Financial statements are the end product of the accounting process. Financial statements are historical in nature and are prepared by following the accounting concepts and principles.
According to John N Meyer, "Financial statements provide a summary of accounts of business enterprise, the balance sheet reflecting the assets, liabilities and capital as on a certain date and income statement showing the results and operations during a certain period."
A set of financial statements as per Section 2(40) of the Companies Act, 2013 includes
Balance Sheet: It is a statement of assets and liabilities, showing the financial position of an enterprise at a given date. It is also known as a position statement.
Statement of Profit and Loss: It shows the net result of business operations during an accounting period. It is also known as an income statement.
Cash Flow Statement: It is a statement prepared according to AS-3 to show inflow and outflow of cash and cash equivalents.
Statement of Changes in Equity: it is a statement prepared according to AS-3 to show inflow and outflow of cash and cash equivalents.
Notes of Accounts: It is an explanatory note annexed to any document referred to above.

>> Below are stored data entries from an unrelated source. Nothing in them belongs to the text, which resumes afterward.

Section Lyapunov.
(* Q is an orthonormal basis of the complement of the constant vector and
   Sig solves the projected Lyapunov equation; X = 2 Q^T Sig Q. *)
Variables (Q : 'M[R]_(p.-1, p)) (Sig : 'M[R]_(p.-1)).
Hypothesis Q_const : Q *m (const_mx 1 : 'cV[R]_p) = 0.
Hypothesis QTQ : Q^T *m Q = 1%:M - (p%:R)^-1 *: const_mx 1.
Hypothesis lyap : (Q *m L *m Q^T) *m Sig + Sig *m (Q *m L *m Q^T)^T = 1%:M.

Local Notation X := (2 *: (Q^T *m Sig *m Q)).

(* The vectors e_x - e_rho are orthogonal to the constant vector, so the
   projection Q^T Q fixes them. *)
Lemma proj_root_diff x : Q^T *m (Q *m root_diff x) = root_diff x.
Proof.
by rewrite mulmxA QTQ mulmxBl mul1mx -scalemxAl const_root_diff scaler0 subr0.
Qed.

Lemma proj_root_diffT x : (root_diff x)^T *m Q^T *m Q = (root_diff x)^T.
Proof. by rewrite -[RHS](congr1 trmx (proj_root_diff x)) !trmx_mul trmxK. Qed.

(* The Lyapunov equation tested against e_x - e_rho and e_y - e_rho. *)
Lemma lyapunov_form x y :
  form X (root_diff x - root_diff (par x)) (root_diff y) +
  form X (root_diff x) (root_diff y - root_diff (par y)) =
  2 * form 1%:M (root_diff x) (root_diff y).
Proof.
rewrite -!laplacianT_root_diff /form.
set u := root_diff x; set v := root_diff y.
have E := congr1 (fun M => u^T *m (Q^T *m M *m Q) *m v) lyap.
rewrite /= mulmxDr mulmxDl mulmxDr mulmxDl mulmx1 in E.
have T1 : u^T *m (Q^T *m (Q *m L *m Q^T *m Sig) *m Q) *m v =
          u^T *m L *m (Q^T *m Sig *m Q) *m v by rewrite !mulmxA proj_root_diffT.
have T2 : u^T *m (Q^T *m (Sig *m (Q *m L *m Q^T)^T) *m Q) *m v =
          u^T *m (Q^T *m Sig *m Q) *m L^T *m v.
  rewrite !trmx_mul trmxK !mulmxA -[_ *m Q *m v]mulmxA.
  by rewrite -[_ *m Q^T *m (Q *m v)]mulmxA proj_root_diff.
have T3 : u^T *m (Q^T *m Q) *m v = u^T *m v by rewrite mulmxA proj_root_diffT.
rewrite T1 T2 T3 in E.
have addE (A B : 'M[R]_1) : (A + B) 0 0 = A 0 0 + B 0 0 by rewrite mxE.
have sclE (c : R) (A : 'M[R]_1) : (c *: A) 0 0 = c * A 0 0 by rewrite mxE.
rewrite -addE -sclE; congr (fun M : 'M[R]_1 => M 0 0).
rewrite !trmx_mul trmxK mulmx1 -!scalemxAr -!scalemxAl -scalerDr.
by rewrite -E !mulmxA.
Qed.

Lemma gram_row_sum x : \sum_y X x y = 0.
Proof.
by apply: row_sum_const; rewrite -scalemxAl -!mulmxA Q_const !mulmx0 scaler0.
Qed.

Lemma gram_col_sum x : \sum_y X y x = 0.
Proof.
have h1 : (const_mx 1 : 'rV[R]_p) *m Q^T = 0.
  have -> : (const_mx 1 : 'rV[R]_p) = (const_mx 1 : 'cV[R]_p)^T by rewrite trmx_const.
  by rewrite -trmx_mul Q_const trmx0.
by apply: col_sum_const; rewrite -scalemxAr !mulmxA h1 !mul0mx scaler0.
Qed.

Definition gram_kernel x y := form X (root_diff x) (root_diff y).

Lemma gram_kernel_step x y : x != rho -> y != rho ->
  (gram_kernel x y - gram_kernel (par x) y) + (gram_kernel x y - gram_kernel x (par y)) =
  2 * ((x == y)%:R + 1).
Proof.
move=> hx hy; rewrite -(root_diff_gram hx hy) -lyapunov_form /gram_kernel.
by rewrite (form_subl _ (root_diff x)) (form_subr _ _ (root_diff y)).
Qed.
Lemma block_sizes_word N (w : {ffun 'I_N -> 'I_k}) :
  [forall i, #|blocks w i| == b i] = perm_eq (word w) content_seq.
Proof.
apply/forallP/perm_count_memP => [sizes y | eq_count i].
  have [y_lt|y_ge] := ltnP y k.
    by rewrite -[y]/(val (Ordinal y_lt)) count_mem_word count_mem_content_seq (eqP (sizes _)).
  have not_in s : all (fun y => y < k) s -> count_mem y s = 0.
    by move=> /allP s_lt; apply/count_memPn; apply: contraL y_ge => /s_lt; rewrite -ltnNge.
  by rewrite !not_in ?word_lt ?content_seq_lt.
by rewrite -count_mem_word eq_count count_mem_content_seq.
Qed.

Lemma op_blocks m (rho : {perm 'I_m}) : (forall i, 0 < b i) ->
  op b rho = #|[set w : {ffun 'I_(\sum_(i < k) b i) -> 'I_k} |
                [forall i, #|blocks w i| == b i] && ~~ contains_pattern (blocks w) rho]|.
Proof.
move=> b_gt0; rewrite /op -(card_imset _ (@blocks_inj _ _)); apply: eq_card => B.
rewrite inE; apply/and3P/imsetP => [[/partition_blocks[w ->] sizes avoid] | [w]].
  by exists w; rewrite // inE sizes.
rewrite inE => /andP[sizes avoid] ->; split=> //; apply: blocks_partition.
by apply/forallP => i; rewrite -card_gt0 (eqP (forallP sizes i)).
Qed.

Lemma op_count_avoids r m (rho : {perm 'I_m}) : (forall i, 0 < b i) ->
  (forall w : {ffun 'I_(\sum_(i < k) b i) -> 'I_k},
     contains_pattern (blocks w) rho = occurs r w) ->
  op b rho = count (avoids r) (permutations content_seq).
Proof.
move=> b_gt0 pattern_occurs; rewrite op_blocks //.
rewrite -(card_words (avoids r) size_content_seq content_seq_lt).
by apply: eq_card => w; rewrite !inE block_sizes_word pattern_occurs avoids_word.
Qed.

End Content.

Lemma geq_total : total geq.
Proof. by move=> x y; apply: leq_total. Qed.

Lemma geq_trans : transitive geq.
Proof. by move=> y x z /= yx zy; apply: leq_trans zy yx. Qed.

Lemma anti_geq : antisymmetric geq.
Proof. by move=> x y le_xy; apply: anti_leq; rewrite andbC. Qed.

Theorem theorem7 (k : nat) (b : 'I_k -> nat) :
  (forall i, 0 < b i) -> op b pat123 = op b pat132.
Proof.
move=> b_gt0.
rewrite (op_count_avoids (r := geq) b_gt0 (@contains_pattern123 _ _)).
rewrite (op_count_avoids (r := leq) b_gt0 (@contains_pattern132 _ _)).
apply: (count_avoids_permutations geq_total geq_trans anti_geq leq_total leq_trans anti_leq).
Qed.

Objectives of Financial Statements:
- The companies prepare financial statements to provide information about the company's earning power to the prospective investors, government, customers, regulators, lenders, and suppliers.
- It is also prepared for self-analysis and learning how the company has performed in the preceding year. The aim is to collect and present the financial data in a prescribed format that helps the firm compare with other firms and plan for the future.
- The effectiveness of the workforce and management can be easily judged by comparing past performance with the company standards and industry standards.